**TASK ITEM:** From the entries that follow, reproduce exactly and only the lines from the line with "nu_i, nu_i +" to the line with "Implicit Types p", endpoints included.

[[ SOURCE MATERIAL, beginning ]]

(* Let $G$ be a graph on vertex set $\{1,\dots,n\}$ and consider the reliability extension of $\Gamma_{NC_1}$ on $G$ under the fractional attack model on player $x=1$, with baseline reliabilities $p^*_j\in(0,1]$ ($j\ne1$), a fixed reliability $p_1\in[0,1]$ of player $1$, common cost slopes $L,R>0$ and budget $B\ge0$. (i) If $G=K_n$ (complete graph), or $G=S_n$ is the star with center $1$, then the following profile is an optimal attack: order the nodes $2,\dots,n$ as $\sigma(2),\dots,\sigma(n)$ with $p^*_{\sigma(2)}\ge p^*_{\sigma(3)}\ge\dots\ge p^*_{\sigma(n)}$ (ties broken arbitrarily); for $i=2,3,\dots$ in turn, raise $p_{\sigma(i)}$ to $1$ while the remaining budget allows it, and when the remaining budget no longer allows raising $p_{\sigma(i)}$ to $1$, raise it as much as the remaining budget allows; leave all other reliabilities at their baseline values. (ii) If $G=S_n$ is the star with center $2$ (so $1$ is a leaf), then the profile obtained by the same procedure, but using the order $Q$ consisting of node $2$ first, followed by nodes $3,\dots,n$ in decreasing order of baseline reliability (ties broken arbitrarily), is an optimal attack.
   Context: Game $\Gamma_{NC_1}$ on $G=(V,E)$: $v_{NC_1}(S)=|S\cup\delta(S)|$, where $\delta(S)$ is the set of vertices outside $S$ having a neighbour in $S$. For $T\subseteq S$, $\Pi_{T,S}=\prod_{i\in T}p_i\prod_{i\in S\setminus T}(1-p_i)$; the reliability extension with parameters $p=(p_1,\dots,p_n)$ is $\overline v(S)=\sum_{T\subseteq S}v(T)\Pi_{T,S}$. Shapley value: $Sh[v](x)=\frac1{n!}\sum_\pi[v(S^x_\pi\cup\{x\})-v(S^x_\pi)]$ over permutations $\pi$, $S^x_\pi$ the players preceding $x$. Fractional attack model on target $x$: $p_x$ is fixed; for every $j\ne x$ one may choose any $p_j\in[0,1]$ at cost $u_j(p_j)$, where $u_j(p)=L(p^*_j-p)$ if $p<p^*_j$ and $u_j(p)=R(p-p^*_j)$ if $p\ge p^*_j$. A profile is feasible if $\sum_{j\ne x}u_j(p_j)\le B$; an optimal attack is a feasible profile minimizing $Sh[\overline{v_{NC_1}}](x)$. *)

From HB Require Import structures.
From mathcomp Require Import all_boot all_order all_algebra.
From mathcomp Require Import fingroup perm.
From mathcomp Require Import reals.
Set Implicit Arguments. Unset Strict Implicit. Unset Printing Implicit Defensive.
Import Order.TTheory GRing.Theory Num.Theory.
Local Open Scope ring_scope.
(* The two sides of a commutativity relation have the same endpoints and length,
   and the zero relation only occurs in paths too long to act. *)
Lemma path_action_relations s rel : (s, rel) \in relations F n ->
  forall x v u, wf_path n x v -> path_end x v = s -> wf_path n s u ->
    x \in Vset [:: 3%N; m] -> path_end s u \in Vset [:: 3%N; m] ->
    \sum_(c <- rel) c.1 *: rho x (v ++ c.2 ++ u) = 0.
Proof.
move=> rel_in x v u wf_v vs wf_u xV uV.
move: rel_in; rewrite mem_cat => /orP [/mapP [i _ [_ ->]] | ].
  rewrite !big_cons big_nil addr0 /= !path_action_cons; try by case: v {wf_v vs}.
  by rewrite !path_end_cat vs /= !size_cat /= scale1r scaleN1r subrr.
rewrite mem_seq1 => /eqP [sn rel_eq]; rewrite {}sn in vs wf_u uV; rewrite {}rel_eq.
rewrite big_seq1 /= scale1r path_action_cons; last by case: v {wf_v vs}.
rewrite !path_end_cat vs /= /arr_tgt /= prednK; last by lia.
rewrite !size_cat /= (@path_coef_far_nil n) /ncmx_eval ?big_nil //.
have := wf_path_dist wf_v; have := wf_path_dist wf_u; rewrite vs.
by move: (path_end n u) (size u) (size v) => z su sv; lia.
Qed.

End ModuleAxioms.

Lemma path_action_is_module n d (X Y : 'M[F]_d) : (4 < m)%N -> (m <= n)%N ->
  is_module n [:: 3%N; m] (fun x p => ncmx_eval (path_action x p) X Y).
Proof.
move=> lt4m lemn; split; first exact: path_action_unital.
  exact: path_action_mul.
exact: path_action_relations.
Qed.

Section Intertwiner.
Variables (n d1 d2 : nat) (X1 Y1 : 'M[F]_d1) (X2 Y2 : 'M[F]_d2).
Variable P : 'M[F]_(8 * d1, 8 * d2).
Hypotheses (lt4m : (4 < m)%N) (lemn : (m <= n)%N).
Hypothesis intertwines : forall x p, epath n [:: 3%N; m] x p ->
  ncmx_eval (path_action x p) X1 Y1 *m P = P *m ncmx_eval (path_action x p) X2 Y2.

(* The paths of length two used below are already paths of A_5. *)
Let intertwines_short x p : epath 5 [:: 3%N; m] x p ->
  ncmx_eval (path_action x p) X1 Y1 *m P = P *m ncmx_eval (path_action x p) X2 Y2.
Proof. by move=> /epath_widen e5; apply/intertwines/e5; lia. Qed.

Let comm_loop1 : (delta_mx o4 o0 *t X1) *m P = P *m (delta_mx o4 o0 *t X2).
Proof.
have := @intertwines_short 1 [:: a_ 1; b_ 1] isT.
by rewrite /= !ncmx_eval_seq1 /= !mulmx1.
Qed.
(* Let $k$ be a field of characteristic $p>0$, let $n\ge2$ and $d\ge 3$ be integers, and let $V\subseteq k[\beta]$ be a $k$-subspace with $(\beta^n)\subseteq V$ and $\dim_kV/(\beta^n)=d$, such that $V/(\beta^n)$ has a basis given by the classes of polynomials $$p_i=\beta^{\nu_i}+\sum_{j\ge1}p_{i,j}\beta^{\nu_i+j}\quad(i=1,\dots,d,\ p_{i,j}\in k)$$ with $0=\nu_1<1=\nu_2<\nu_3<\cdots<\nu_d$ and $p_{1,1}=0$. Assume $\nu_d\equiv 1\pmod p$, $p_{d,1}-p_{2,1}\ne0$, and that the collection $$\{\nu_d+1\}\cup\{\nu_d+\nu_j-1: j=3,\dots,d\}\cup\{\nu_d+\nu_j+1: j=2,\dots,d\}$$ consists of $2(d-1)$ distinct integers, all smaller than $n$. If $n\neq0$ in $k$, then $\Lambda=kQ/I(n;n,n;V)$ satisfies $\mathrm{HH}^1(\Lambda)=0$.
   Context: $Q$ is the quiver with vertices $1,2,3$ and arrows $\alpha\colon 2\to1$, $\beta\colon 2\to 2$, $\gamma\colon 3\to 2$; $kQ$ is generated by pairwise orthogonal idempotents $e_1,e_2,e_3$ (sum $1$) and $\alpha,\beta,\gamma$ with $e_1\alpha=\alpha=\alpha e_2$, $e_2\beta=\beta=\beta e_2$, $e_3\gamma=\gamma=\gamma e_2$, $\gamma\alpha=\beta\alpha=\gamma\beta=0$; for $v=\sum_iv_i\beta^i\in k[\beta]$, $\alpha v\gamma=\sum_iv_i\alpha\beta^i\gamma$. $I(n;n,n;V)$ is the two-sided ideal of $kQ$ generated by $\alpha\beta^{n}$, $\beta^n$, $\beta^{n}\gamma$ and all $\alpha v\gamma$, $v\in V$. $\mathrm{HH}^1(\Lambda)=\mathrm{Der}_k(\Lambda,\Lambda)/\mathrm{Inn}(\Lambda)$. *)

From mathcomp Require Import all_boot all_order all_algebra.
Set Implicit Arguments. Unset Strict Implicit. Unset Printing Implicit Defensive.
Import GRing.Theory.
Local Open Scope ring_scope.

(* The path algebra kQ of the quiver Q: vertices 1,2,3, arrows
   alpha : 2 -> 1, beta : 2 -> 2, gamma : 3 -> 2 (composition written as in
   the paper: e1 alpha = alpha = alpha e2, etc.).  Its paths are
   e1, e3, beta^i (i >= 0, beta^0 = e2), alpha beta^i, beta^i gamma,
   alpha beta^i gamma (i >= 0), so every element of kQ is uniquely
     c1 e1 + c3 e3 + B(beta) + alpha A(beta) + G(beta) gamma + alpha AG(beta) gamma
   with c1, c3 in k and B, A, G, AG in k[beta] (polynomials). *)
Record kQ (k : fieldType) := KQ {
  kq_e1 : k;
  kq_e3 : k;
  kq_B  : {poly k};
  kq_A  : {poly k};
  kq_G  : {poly k};
  kq_AG : {poly k} }.

Section KQ.
Variable k : fieldType.
Local Notation T := (kQ k).

Definition kq0 : T := KQ 0 0 0 0 0 0.
Definition kq1 : T := KQ 1 1 1 0 0 0.
Definition kq_add (x y : T) : T :=
  KQ (kq_e1 x + kq_e1 y) (kq_e3 x + kq_e3 y) (kq_B x + kq_B y)
     (kq_A x + kq_A y) (kq_G x + kq_G y) (kq_AG x + kq_AG y).
Definition kq_scale (c : k) (x : T) : T :=
  KQ (c * kq_e1 x) (c * kq_e3 x) (c *: kq_B x) (c *: kq_A x) (c *: kq_G x)
     (c *: kq_AG x).
Definition kq_sub (x y : T) : T := kq_add x (kq_scale (-1) y).
Definition kq_mul (x y : T) : T :=
  KQ (kq_e1 x * kq_e1 y)
     (kq_e3 x * kq_e3 y)
     (kq_B x * kq_B y)
     (kq_e1 x *: kq_A y + kq_A x * kq_B y)
     (kq_B x * kq_G y + kq_e3 y *: kq_G x)
     (kq_e1 x *: kq_AG y + kq_A x * kq_G y + kq_e3 y *: kq_AG x).

Definition kq_e1v : T := KQ 1 0 0 0 0 0.
Definition kq_e2v : T := KQ 0 0 1 0 0 0.
Definition kq_e3v : T := KQ 0 1 0 0 0 0.
Definition kq_alpha : T := KQ 0 0 0 1 0 0.
Definition kq_beta : T := KQ 0 0 'X 0 0 0.
Definition kq_gamma : T := KQ 0 0 0 0 1 0.
Definition kq_poly_beta (v : {poly k}) : T := KQ 0 0 v 0 0 0.
Definition kq_avg (v : {poly k}) : T :=
  kq_mul kq_alpha (kq_mul (kq_poly_beta v) kq_gamma).

Definition I_gens (n : nat) (V : {poly k} -> Prop) (x : T) : Prop :=
  x = kq_mul kq_alpha (kq_poly_beta 'X^n) \/ x = kq_poly_beta 'X^n \/
  x = kq_mul (kq_poly_beta 'X^n) kq_gamma \/
  exists2 v, V v & x = kq_avg v.

Definition two_sided_ideal (J : T -> Prop) : Prop :=
  [/\ J kq0, (forall x y, J x -> J y -> J (kq_add x y)),
      (forall c x, J x -> J (kq_scale c x)),
      (forall a x, J x -> J (kq_mul a x)) &
      (forall a x, J x -> J (kq_mul x a))].

Definition gen_ideal (S : T -> Prop) (x : T) : Prop :=
  forall J, two_sided_ideal J -> (forall s, S s -> J s) -> J x.

Definition I_nnV (n : nat) (V : {poly k} -> Prop) : T -> Prop :=
  gen_ideal (I_gens n V).

(* Lambda = kQ / I.  A k-linear map Lambda -> Lambda is given by a map on
   representatives f : kQ -> kQ compatible with congruence mod I. *)
Definition is_derivation_mod (I : T -> Prop) (f : T -> T) : Prop :=
  [/\ (forall x y, I (kq_sub x y) -> I (kq_sub (f x) (f y))),
      (forall c x y, I (kq_sub (f (kq_add (kq_scale c x) y))
                               (kq_add (kq_scale c (f x)) (f y)))) &
      (forall x y, I (kq_sub (f (kq_mul x y))
                             (kq_add (kq_mul (f x) y) (kq_mul x (f y)))))].

Definition is_inner_mod (I : T -> Prop) (f : T -> T) : Prop :=
  exists a, forall x, I (kq_sub (f x) (kq_sub (kq_mul a x) (kq_mul x a))).

Definition HH1_vanishes (I : T -> Prop) : Prop :=
  forall f, is_derivation_mod I f -> is_inner_mod I f.

End KQ.

(* Modulo inner derivations, a derivation f of kQ/I can be normalised so that it
   kills e1, e2, e3 and alpha, while f(beta) = b(beta) and f(gamma) = h(beta) gamma.
   Applying the Leibniz rule to the relations beta^n and alpha v gamma (v in V) shows
   that b(0) = 0, because n != 0 in k, and that D v := h v + b v' maps V into V.
   Every element of V has its lowest term below beta^n at some beta^(nu_i), so an
   element of V with no terms up to beta^(nu_d) lies in (beta^n).  After subtracting
   a constant from h so that h(0) + b'(0) = 0, this applies to D p_d because nu_d = 1
   in k, and comparing coefficients of D p_d gives h_s + b_(s+1) = 0 inductively.
   A nonzero h_s would place the lowest terms of D p_1 and D p_2 at two exponents
   nu_i, nu_i + 2, the latter with coefficient h_s (p_(d,1) - p_(2,1)), and the
   distinctness of the 2(d-1) integers forbids such a gap.  Hence h is constant and b = 0 modulo beta^n, i.e. f is inner. *)

From mathcomp Require Import all_boot all_order all_algebra.
From mathcomp Require Import zify ring.
Import GRing.Theory.
Set Implicit Arguments. Unset Strict Implicit. Unset Printing Implicit Defensive.
Local Open Scope ring_scope.

Section ZeroBelow.
Variable R : comNzRingType.
Implicit Types p q : {poly R}.

Definition zero_below (s : nat) p := forall j, (j < s)%N -> p`_j = 0.

Lemma zero_belowW s t p : (t <= s)%N -> zero_below s p -> zero_below t p.
Proof. by move=> hts hp j hj; apply: hp; apply: leq_trans hts. Qed.

Lemma zero_belowS s p : zero_below s p -> p`_s = 0 -> zero_below s.+1 p.
Proof. by move=> hp hs j; rewrite ltnS leq_eqVlt => /predU1P[->|/hp]. Qed.

Lemma zero_below_0 p : zero_below 0 p.
Proof. by []. Qed.

Lemma zero_below0 s : zero_below s (0 : {poly R}).
Proof. by move=> j _; rewrite coef0. Qed.

Lemma zero_belowD s p q : zero_below s p -> zero_below s q -> zero_below s (p + q).
Proof. by move=> hp hq j hj; rewrite coefD hp ?hq ?addr0. Qed.

Lemma zero_belowZ s (c : R) p : zero_below s p -> zero_below s (c *: p).
Proof. by move=> hp j hj; rewrite coefZ hp ?mulr0. Qed.

Lemma zero_belowM s t p q :
  zero_below s p -> zero_below t q -> zero_below (s + t) (p * q).
Proof.
move=> hp hq m hm; rewrite coefM big1 // => j _.
have [hjs|hjs] := ltnP j s; first by rewrite hp ?mul0r.
by rewrite hq ?mulr0 //; have := ltn_ord j; lia.
Qed.

Lemma zero_belowMl s p q : zero_below s q -> zero_below s (p * q).
Proof. by move=> hq; apply: (@zero_belowM 0). Qed.

Lemma zero_belowMr s p q : zero_below s p -> zero_below s (p * q).
Proof. by rewrite mulrC; apply: zero_belowMl. Qed.

Lemma zero_below_deriv s p : zero_below s.+1 p -> zero_below s p^`().
Proof. by move=> hp j hj; rewrite coef_deriv hp ?mul0rn. Qed.

Lemma zero_belowXn s : zero_below s ('X^s : {poly R}).
Proof. by move=> j hj; rewrite coefXn (ltn_eqF hj). Qed.

Lemma zero_below_mulXn s p : zero_below s p -> p = drop_poly s p * 'X^s.
Proof.
move=> hp; rewrite -{1}(poly_take_drop s p) [take_poly s p](_ : _ = 0) ?add0r //.
by apply/polyP => i; rewrite coef_take_poly coef0; case: ifP => // /hp.
Qed.

Lemma coefM_zero_below s t m p q : zero_below s p -> zero_below t q ->
  (s + t)%N = m -> (p * q)`_m = p`_s * q`_t.
Proof.
move=> hp hq <-; rewrite coefM (bigD1 (@Ordinal (s + t).+1 s (leq_addr t s))) //= big1 ?addr0.
  by rewrite addKn.
move=> j /eqP/val_eqP /= hjs; have [hj|hj] := ltnP j s; first by rewrite hp ?mul0r.
by rewrite hq ?mulr0 //; have := ltn_ord j; lia.
Qed.

Lemma coefM_zero_belowS s t m p q : zero_below s p -> zero_below t q ->
  (s + t).+1 = m -> (p * q)`_m = p`_s * q`_t.+1 + p`_s.+1 * q`_t.
Proof.
move=> hp hq <-; rewrite coefM -(big_mkord xpredT (fun j => p`_j * q`_(_ - j))).
rewrite (big_cat_nat (n := s)) //=; last by lia.
rewrite big1_seq ?add0r => [|j]; last first.
  by rewrite mem_index_iota => /andP[_ /andP[_ /hp ->]]; rewrite mul0r.
rewrite big_ltn; last by lia.
rewrite big_ltn; last by lia.
rewrite big1_seq ?addr0 => [|j]; last first.
  by rewrite mem_index_iota => /andP[_ hj]; rewrite hq ?mulr0 //; lia.
by congr (_ * q`_ _ + _ * q`_ _); lia.
Qed.
End ZeroBelow.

[[ SOURCE MATERIAL, end ]]

**RESPONSE TO THIS EXERCISE:**
   nu_i, nu_i + 2, the latter with coefficient h_s (p_(d,1) - p_(2,1)), and the
   distinctness of the 2(d-1) integers forbids such a gap.  Hence h is constant and b = 0 modulo beta^n, i.e. f is inner. *)

From mathcomp Require Import all_boot all_order all_algebra.
From mathcomp Require Import zify ring.
Import GRing.Theory.
Set Implicit Arguments. Unset Strict Implicit. Unset Printing Implicit Defensive.
Local Open Scope ring_scope.

Section ZeroBelow.
Variable R : comNzRingType.
Implicit Types p q : {poly R}.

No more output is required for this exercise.